Thursday, February 26, 2009

Saving Money - part 1

Saving Money:

The emergency fund (or savings account) is putting your family's needs first.

The Wall Street Journal reported that the average American family saves -2.2%. Yes that is a NEGATIVE 2.2%. Americans have been spending more than they make and not saving anything for a long long time. It has only recently become a trend to squirrel a little bit of money away in savings, and most people only have a couple hundred dollars in savings. Prophets and apostles have been telling us for years to have an emergency fund. We do not want to be like those people who didn't listen to Noah when he was building the Ark. We are being warned people - the time to act is now. The prophets and apostles aren't just saying this stuff to be saying it. They are trying to protect us and help us protect ourselves and our families. This stuff is important, so why aren't we doing it?

You will only save money when it becomes very, VERY important to you.

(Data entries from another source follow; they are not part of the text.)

Lemma pderivXU k j (i : 'I_k) : pderiv j ('X_i : {mpoly M[k]}) = (val i == j)%:R.
Proof.
rewrite /pderiv; case: insubP => [o _ <-|]; first by rewrite mderivXU.
by rewrite -leqNgt => le_kj; rewrite ltn_eqF // (leq_trans (ltn_ord i)).
Qed.

Lemma mderiv_membed a N (h : (a <= N)%N) (o : 'I_N) (p : {mpoly M[a]}) :
  (membed h p)^`M(o) = membed h (pderiv o p).
Proof.
apply: (mderiv_rmorph (f := membed h) (d := pderiv o)) => [|p' q'|c|i].
- exact: pderivD.
- exact: pderivM.
- by rewrite /= membedC mderivC pderivC rmorph0.
- by rewrite /= membedX mderivXU pderivXU rmorph_nat.
Qed.

Lemma mderiv_mwiden k (o : 'I_k.+1) (p : {mpoly M[k]}) :
  (mwiden p)^`M(o) = mwiden (pderiv o p).
Proof. by rewrite !mwidenE_membed mderiv_membed. Qed.

End Embedding.

Section PsiTheory.
Variables (R : realType) (n : nat) (A B : 'M[R]_n.+1).
Local Notation M := 'M[R]_n.+1.
Local Notation L k := (A%:MP + 'X_(@ord0 k) * B%:MP : {mpoly M[k.+1]}).

Lemma PsiD k (p q : {mpoly M[k]}) : Psi A B (p + q) = Psi A B p + Psi A B q.
Proof.
rewrite /Psi mwidenD mulrDl addrACA -big_split /=; congr (_ + _).
by apply: eq_bigr => i _; rewrite mderivD mwidenD mulrDl.
Qed.

Lemma PsiZ k (c : M) (p : {mpoly M[k]}) : Psi A B (c *: p) = c *: Psi A B p.
Proof.
rewrite /Psi mwidenZ scalerDr -scalerAl scaler_sumr; congr (_ + _).
by apply: eq_bigr => i _; rewrite mderivZ mwidenZ scalerAl.
Qed.

Lemma Psi_is_zmod_morphism k : zmod_morphism (@Psi R n A B k).
Proof. by move=> p q; rewrite PsiD -scaleN1r PsiZ scaleN1r. Qed.

HB.instance Definition _ (k : nat) :=
  GRing.isZmodMorphism.Build {mpoly M[k]} {mpoly M[k.+1]} (@Psi R n A B k)
    (@Psi_is_zmod_morphism k).

Lemma membed_L a N (h : (a.+1 <= N.+1)%N) : membed h (L a) = L N.
Proof.
rewrite rmorphD rmorphM /= !membedC membedX.
by congr (_ + 'X__ * _); apply: val_inj.
Qed.

Lemma membed_mwiden a N (h : (a <= N)%N) (h' : (a.+1 <= N.+1)%N)
    (p : {mpoly M[a]}) :
  membed h' (mwiden p) = mwiden (membed h p).
Proof.
by rewrite !mwidenE_membed !(@membed_comp _ _ a _ _ _ _ (leq_trans h (leqnSn N))).
Qed.

Lemma Psi_membed a N (h : (a <= N)%N) (h' : (a.+1 <= N.+1)%N)
    (p : {mpoly M[a]}) :
  Psi A B (membed h p) = membed h' (Psi A B p).
Proof.
rewrite /Psi rmorphD rmorphM /= membed_L (membed_mwiden h); congr (_ + _).
rewrite rmorph_sum /= (bigID (fun i : 'I_N => (i < a)%N)) /=.
rewrite [X in _ + X]big1 ?addr0 => [|i]; last first.
  by rewrite -leqNgt => le_ai; rewrite mderiv_membed pderiv_out // !rmorph0 mul0r.
rewrite (big_ord_narrow h) /=; apply: eq_bigr => i _.
rewrite rmorphM /= membedX (membed_mwiden h) mderiv_membed pderivE.
by congr (_ * 'X__); apply: val_inj.
Qed.

Lemma pderivS_Psi k j (p : {mpoly M[k]}) :
  pderiv j.+1 (Psi A B p) = Psi A B (pderiv j.+1 p) + mwiden (pderiv j p).
Proof.
have [lt_jk|le_kj] := ltnP j k; last first.
  by rewrite !pderiv_out ?raddf0 ?mwiden0 ?addr0 // ltnW.
pose o := Ordinal lt_jk; set o' := lift ord0 o.
rewrite [j.+1]/(val o') [j]/(val o) !pderivE.
have dL : (L k)^`M(o') = 0.
  rewrite mderivD mderivM !mderivC mulr0 addr0 mderivXU.
  by rewrite (negbTE (neq_lift _ _)) mul0r add0r.
have dP : (mwiden p * L k)^`M(o') = mwiden (pderiv o' p) * L k.
  by rewrite (mderivM_constr _ dL) mderiv_mwiden.
have dX i : (mwiden p^`M(i) * 'X_(lift ord0 i))^`M(o') =
    mwiden (pderiv o' p)^`M(i) * 'X_(lift ord0 i) + mwiden p^`M(i) * (i == o)%:R.
  by rewrite mderivM mderivXU (inj_eq (@lift_inj _ ord0)) mderiv_mwiden pderiv_mderiv.
have sum_o : \sum_(i < k) mwiden p^`M(i) * (i == o)%:R = mwiden p^`M(o).
  exact: sumr_mul_delta.
rewrite {1}/Psi mderivD dP raddf_sum (eq_bigr _ (fun i _ => dX i)).
by rewrite big_split sum_o addrA.
Qed.

End PsiTheory.

Section BinomialExpansion.
Variables (R : realType) (n : nat) (A B : 'M[R]_n.+1).
Local Notation M := 'M[R]_n.+1.

Lemma Qk0 m : Qk A B 0 m = 0.
Proof. by rewrite /Qk subn0 pderiv_out. Qed.

Lemma QkS i m : (i < m)%N ->
  Qk A B i.+1 m.+1 = Psi A B (Qk A B i m) + mwiden (Qk A B i.+1 m).
Proof. by move=> lt_im; rewrite /Qk subSS -(subnSK lt_im) pderivS_Psi. Qed.

Lemma Qk11 : Qk A B 1 1 = B%:MP.
Proof.
rewrite /Qk subnn (pderivE (ord0 : 'I_1)) /= /Psi big_ord0 addr0 mwiden1 mul1r.
by rewrite mderivD mderivC add0r mderivM mderivC mulr0 addr0 mderivXU eqxx mul1r.
Qed.

Fixpoint Qk_coef (i : nat) : nat -> {mpoly M[i]} :=
  match i with
  | 0 => fun=> 0
  | i'.+1 => fun l =>
      if l is l'.+1 then Psi A B (Qk_coef i' l') + Psi A B (Qk_coef i' l)
      else Qk A B i'.+1 i'.+1
  end.

Lemma Qk_coefS i l :
  Qk_coef i.+1 l.+1 = Psi A B (Qk_coef i l) + Psi A B (Qk_coef i l.+1).
Proof. by []. Qed.

Lemma Qk_coef_eq0 i l : (i <= l)%N -> Qk_coef i l = 0.
Proof.
elim: i l => [//|i IHi] [//|l] lt_il.
by rewrite Qk_coefS !IHi ?raddf0 ?addr0 // ltnW.
Qed.

Lemma Qk_coef_top i (h : (i <= i.+1)%N) : Qk_coef i.+1 i = B *: membed h (Pk A B i).
Proof.
elim: i h => [|i IHi] h; first by rewrite /= Qk11 rmorph1 -mul_mpolyC mulr1.
rewrite Qk_coefS (IHi (leqnSn i)) Qk_coef_eq0 // raddf0 addr0 PsiZ.
by rewrite (Psi_membed _ _ _ h).
Qed.

Lemma Qk_binomial i m (h : (i <= m)%N) :
  Qk A B i m = membed h (\sum_(j < i) Qk_coef i j *+ 'C(m - i, j)).
Proof.
elim: i m h => [|i IHi] m h; first by rewrite Qk0 big_ord0 rmorph0.
elim: m h => [//|m IHm] h.
have [eq_im|ne_im] := eqVneq i m.
  subst m; rewrite subnn big_ord_recl big1 => [|l _]; last first.
    by rewrite bin_small ?mulr0n.
  by rewrite bin0 mulr1n addr0 membed_id.
have lt_im : (i < m)%N by rewrite ltn_neqAle ne_im.
rewrite QkS // (IHi m (ltnW lt_im)) (IHm lt_im) (Psi_membed _ _ _ h).
rewrite (mwiden_membed _ h) -rmorphD raddf_sum /= subSS -(subnSK lt_im).
have w0 : Psi A B (Qk_coef i i) = 0 by rewrite Qk_coef_eq0 ?raddf0.
congr (membed h _); rewrite addrC (sum_pascal _ w0 (Qk_coefS i)).
by congr (_ + _); apply: eq_bigr => j _; rewrite raddfMn.
Qed.

End BinomialExpansion.

Theorem lemma1 (R : realType) (n : nat) (A B : 'M[R]_n.+1) (i : nat) :
  (0 < i)%N ->
  exists Rs : nat -> {mpoly 'M[R]_n.+1[i]},
    (forall k : nat,
        Qk A B i (i + k) =
        \sum_(0 <= j < i) membed (leq_addr k i) (Rs j) *+ (k ^ j)%N)
    /\ Rs i.-1 =
       (((i.-1)`!)%:R^-1 : R)%:M%:MP * (B%:MP * membed (leq_pred i) (Pk A B i.-1)).
Proof.
case: i => // i _.
exists (power_coefs i.+1 (Qk_coef A B i.+1)); split => [k|].
  rewrite (Qk_binomial A B (leq_addr k i.+1)) addKn sum_binomial_powers big_mkord.
  by rewrite rmorph_sum; apply: eq_bigr => l _; rewrite rmorphMn.
rewrite power_coefs_top (@Qk_coef_top _ _ A B i (leq_pred i.+1)).
by rewrite !mul_mpolyC scalemx1.
Qed.
(* Let $n\geq 3$ and suppose the dihedral group $\mathrm{D}_{2n}$ of order $2n$ has the $m$-DCI property for some integer $m$ with $1\leq m\leq n-1$. Then $n$ is odd.
   Context: For a group $G$ and a subset $S\subseteq G$ with $1\notin S$, the Cayley digraph $\mathrm{Cay}(G,S)$ has vertex set $G$ and arc set $\{(g,sg)\mid g\in G,\ s\in S\}$. $\mathrm{Cay}(G,S)$ is a CI-digraph if for every $T\subseteq G$ with $1\notin T$ and $\mathrm{Cay}(G,T)\cong\mathrm{Cay}(G,S)$ there is $\alpha\in\mathrm{Aut}(G)$ with $S^\alpha=T$. For a positive integer $m$, $G$ has the $m$-DCI property if every Cayley digraph $\mathrm{Cay}(G,S)$ with $|S|=m$ is a CI-digraph. *)

From mathcomp Require Import all_boot all_fingroup all_solvable.
Set Implicit Arguments. Unset Strict Implicit. Unset Printing Implicit Defensive.
Local Open Scope group_scope.

Section Cayley.
Variable gT : finGroupType.

(* Cay(G,S) has arcs (g, s g), s in S; i.e. (g,h) is an arc iff h g^-1 \in S.
   A digraph isomorphism Cay(G,S) -> Cay(G,T) is a bijection f of G
   preserving and reflecting arcs. *)
Definition cay_iso (G S T : {set gT}) : Prop :=
  exists f : gT -> gT,
    [/\ {in G &, injective f}, f @: G = G &
        {in G &, forall g h, (h * g^-1 \in S) = (f h * (f g)^-1 \in T)}].

Definition CI_digraph (G S : {set gT}) : Prop :=
  forall T : {set gT}, T \subset G -> 1 \notin T -> cay_iso G S T ->
    exists2 a : {perm gT}, a \in Aut G & a @: S = T.

Definition DCI_prop (G : {set gT}) (m : nat) : Prop :=
  forall S : {set gT}, S \subset G -> 1 \notin S -> #|S| = m -> CI_digraph G S.
End Cayley.

From mathcomp Require Import all_boot all_fingroup all_solvable all_algebra.
From mathcomp Require Import ring zify.
Set Implicit Arguments. Unset Strict Implicit. Unset Printing Implicit Defensive.
Import GRing.Theory.

(* Write n = 2k and G = D_4k = <x, y>, with rotations x^i and reflections x^i y
   indexed by i in Z_2k.  Every automorphism of G maps <x> into itself and fixes
   its unique involution z = x^k.  The map twist : G -> Z_2k with
   twist x^i = 2i and twist x^i y = 1 - 2i is a crossed homomorphism for the
   sign action of G / <x>, so for every E in Z_2k closed under negation
   Cay(G, twist^-1 E) and Cay(G, x^E :|: x^E y) are isomorphic.  The first set
   contains z and is stable under left multiplication by z (and lies in <x> when
   E = {0, k} with k even), and E can be chosen so that the second set fails the
   same property; so no automorphism relates the two.  Both sets contain 1:
   removing it gives the odd sizes, complementing gives the even ones.  The one
   size left over, 3 with k odd, is handled by the isomorphic prisms
   Cay(G, {z, x^2, x^-2}) and Cay(G, {x^2, x^-2, y}). *)

Section InvolutionClosedSets.
Variables (T : finType) (sigma : T -> T).
Hypothesis sigmaK : involutive sigma.
Implicit Types (E X Y : {set T}) (t : T).
(* Fix $0\le k<1$. For every $\eta>0$ there exists $\varepsilon_0>0$ such that the following holds: if $0\le\varepsilon<\varepsilon_0$ and $h:\mathbb{D}\to\mathbb{D}$ is holomorphic with $h(0)=\varepsilon$ and \[ h(r\mathbb{D})\subset \overline{B}\Big(\tfrac{1-r^2}{2},\tfrac{1+r^2}{2}\Big)\quad\text{for all } r\in(0,1), \] then $|h(k)|\le k^2+\eta$. In other words, $|h(k)|\le k^2+o(1)$ as $\varepsilon\to0$, uniformly over all such $h$.
   Context: $\mathbb{D}$ is the open unit disk, $r\mathbb{D}=\{|z|<r\}$, and $\overline{B}(c,\rho)$ is the closed disk with center $c$ and radius $\rho$ (so $\overline{B}((1-r^2)/2,(1+r^2)/2)$ is the closed disk with diameter $[-r^2,1]$). *)

From Stdlib Require Import Reals.
From Coquelicot Require Import Coquelicot.
Open Scope R_scope.

Definition holomorphic_on_disk (h : C -> C) : Prop :=
  forall z : C, Cmod z < 1 -> @ex_derive C_AbsRing C_NormedModule h z.

Definition maps_disk_to_disk (h : C -> C) : Prop :=
  forall z : C, Cmod z < 1 -> Cmod (h z) < 1.

Definition closed_ball (c : C) (rho : R) (w : C) : Prop :=
  Cmod (w - c) <= rho.

From Stdlib Require Import Reals Lra Lia.
From Coquelicot Require Import Coquelicot.
Open Scope R_scope.

(* Write h(z) = eps + b z + f(z).  The argument has three steps.
   (1) A second-order Schwarz lemma: since |h| < 1 on the disk,
       |f(z)| <= (1 + eps + |b|) |z|^2.  It follows from a maximum principle
       applied to F(w) = f(u w) / w^2 (|u| = 1), which is holomorphic on the
       punctured disk and o(1/|w|) at 0.
   (2) The ball condition with radius 2 sigma forces Re h >= -4 sigma^2 on the
       circle |z| = sigma; evaluating at z = -sigma conj(b)/|b| gives
       |b| <= 2 eps / sigma + 12 sigma.
   (3) Then |h(k)| <= eps + |b| k + (1 + eps + |b|) k^2 <= k^2 + 2 eps + 2 |b|,
       which is below k^2 + eta for a suitable sigma and eps small. *)

Lemma is_derive_epsilon {K : AbsRing} {V : NormedModule K} (f : K -> V) x l :
  is_derive f x l <->
  (forall eps, 0 < eps -> exists delta, 0 < delta /\ forall y,
     norm (minus y x) < delta ->
     norm (minus (minus (f y) (f x)) (scal (minus y x) l)) <= eps * norm (minus y x)).
Proof.
split.
- intros [_ H] eps Heps.
  specialize (H x (fun P H => H) (mkposreal eps Heps)).
  apply (locally_le_locally_norm (K:=K) (V:=AbsRing_NormedModule K) x) in H.
  destruct H as [d Hd]. exists d. split; [apply cond_pos|].
  intros y Hy. apply (Hd y). exact Hy.
- intros H. split; [apply is_linear_scal_l|].
  intros x0 Hx0.
  assert (Hx : x0 = x) by (symmetry; apply (is_filter_lim_locally_unique x x0); exact Hx0).
  subst x0. intros eps. destruct (H eps (cond_pos eps)) as [d [Hd Hd']].
  apply (locally_norm_le_locally (K:=K) (V:=AbsRing_NormedModule K) x).
  exists (mkposreal d Hd). intros y Hy. apply Hd'. exact Hy.
Qed.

How many of you are parents or hope to be one day? How many of you have a kid somewhere on the planet that you kind of like? What if you found out that there was a new disease wiping out kids everywhere, and that you had to pay for a special surgery that insurance didn't cover? The stipulations were that you had to pay $10,000 up front for the cost of the surgery, you couldn't borrow the money or use "bill me later". You couldn't borrow the money from family and friends and it couldn't be money you already had in savings. Would you be able to come up with the $10,000 in 9 months to save your child's life? You bet you would! You'd be thinking "let's get a 2nd or 3rd job, let's cut the cable, let's have yard sales, let's eat beans and rice, rice and beans because THIS IS SERIOUS, THIS MATTERS!" Well folks, this IS serious, this matters! We have an entire generation of people who think that the government is going to take care of them when they retire. This same government who just spent a trillion dollars that it doesn't have, is going to take care of them! If you aren't to retirement age yet, and you're banking on the government to take care of you, then you'd better pick up the book "101 Ways to Eat Alpo and Love It." If you're 30 years old, you should believe more in UFOs than in Social (In)Security. If you think Social Security works, you can't do math. Savings has to become a priority, and you have to make it a priority.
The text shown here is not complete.